## THE TASK
In the records below, the lines from the one containing "FNA_lo mu p (fun=>" through the last are to be reproduced exactly and alone.

## STORED DATA
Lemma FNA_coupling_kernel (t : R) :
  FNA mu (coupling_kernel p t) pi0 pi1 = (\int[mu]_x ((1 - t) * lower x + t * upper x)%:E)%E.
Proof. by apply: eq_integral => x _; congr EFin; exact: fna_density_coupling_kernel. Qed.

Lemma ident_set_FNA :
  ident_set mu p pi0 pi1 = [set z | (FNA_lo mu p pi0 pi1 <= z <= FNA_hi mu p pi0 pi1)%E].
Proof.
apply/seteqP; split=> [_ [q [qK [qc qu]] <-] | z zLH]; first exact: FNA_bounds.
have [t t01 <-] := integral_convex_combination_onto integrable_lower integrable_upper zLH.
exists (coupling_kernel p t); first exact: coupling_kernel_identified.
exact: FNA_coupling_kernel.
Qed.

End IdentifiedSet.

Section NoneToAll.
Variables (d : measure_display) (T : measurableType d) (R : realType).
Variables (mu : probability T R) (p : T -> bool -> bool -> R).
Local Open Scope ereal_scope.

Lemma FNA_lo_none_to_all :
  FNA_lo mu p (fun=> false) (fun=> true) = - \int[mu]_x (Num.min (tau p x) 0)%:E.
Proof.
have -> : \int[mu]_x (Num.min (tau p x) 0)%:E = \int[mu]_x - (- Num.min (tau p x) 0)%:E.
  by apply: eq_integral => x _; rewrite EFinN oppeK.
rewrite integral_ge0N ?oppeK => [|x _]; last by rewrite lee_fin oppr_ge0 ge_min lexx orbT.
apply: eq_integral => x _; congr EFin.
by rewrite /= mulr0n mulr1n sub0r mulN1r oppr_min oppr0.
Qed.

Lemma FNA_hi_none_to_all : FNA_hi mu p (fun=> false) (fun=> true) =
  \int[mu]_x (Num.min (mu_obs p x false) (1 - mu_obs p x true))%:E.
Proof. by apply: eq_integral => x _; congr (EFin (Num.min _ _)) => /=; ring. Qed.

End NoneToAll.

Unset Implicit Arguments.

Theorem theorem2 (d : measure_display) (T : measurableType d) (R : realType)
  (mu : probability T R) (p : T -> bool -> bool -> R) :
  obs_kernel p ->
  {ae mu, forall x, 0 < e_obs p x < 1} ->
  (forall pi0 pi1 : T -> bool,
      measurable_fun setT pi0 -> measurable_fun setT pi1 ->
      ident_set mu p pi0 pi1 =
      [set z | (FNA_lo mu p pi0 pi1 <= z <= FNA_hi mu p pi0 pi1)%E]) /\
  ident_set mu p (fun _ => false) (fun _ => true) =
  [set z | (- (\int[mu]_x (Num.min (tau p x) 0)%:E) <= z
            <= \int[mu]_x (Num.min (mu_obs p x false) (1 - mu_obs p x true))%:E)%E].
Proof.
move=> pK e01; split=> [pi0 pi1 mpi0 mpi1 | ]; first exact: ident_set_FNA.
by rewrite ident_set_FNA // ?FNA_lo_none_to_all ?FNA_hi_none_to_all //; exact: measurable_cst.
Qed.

## RESULT BELOW
  FNA_lo mu p (fun=> false) (fun=> true) = - \int[mu]_x (Num.min (tau p x) 0)%:E.
Proof.
have -> : \int[mu]_x (Num.min (tau p x) 0)%:E = \int[mu]_x - (- Num.min (tau p x) 0)%:E.
  by apply: eq_integral => x _; rewrite EFinN oppeK.
rewrite integral_ge0N ?oppeK => [|x _]; last by rewrite lee_fin oppr_ge0 ge_min lexx orbT.
apply: eq_integral => x _; congr EFin.
by rewrite /= mulr0n mulr1n sub0r mulN1r oppr_min oppr0.
Qed.

Lemma FNA_hi_none_to_all : FNA_hi mu p (fun=> false) (fun=> true) =
  \int[mu]_x (Num.min (mu_obs p x false) (1 - mu_obs p x true))%:E.
Proof. by apply: eq_integral => x _; congr (EFin (Num.min _ _)) => /=; ring. Qed.

End NoneToAll.

Unset Implicit Arguments.

Theorem theorem2 (d : measure_display) (T : measurableType d) (R : realType)
  (mu : probability T R) (p : T -> bool -> bool -> R) :
  obs_kernel p ->
  {ae mu, forall x, 0 < e_obs p x < 1} ->
  (forall pi0 pi1 : T -> bool,
      measurable_fun setT pi0 -> measurable_fun setT pi1 ->
      ident_set mu p pi0 pi1 =
      [set z | (FNA_lo mu p pi0 pi1 <= z <= FNA_hi mu p pi0 pi1)%E]) /\
  ident_set mu p (fun _ => false) (fun _ => true) =
  [set z | (- (\int[mu]_x (Num.min (tau p x) 0)%:E) <= z
            <= \int[mu]_x (Num.min (mu_obs p x false) (1 - mu_obs p x true))%:E)%E].
Proof.
move=> pK e01; split=> [pi0 pi1 mpi0 mpi1 | ]; first exact: ident_set_FNA.
by rewrite ident_set_FNA // ?FNA_lo_none_to_all ?FNA_hi_none_to_all //; exact: measurable_cst.
Qed.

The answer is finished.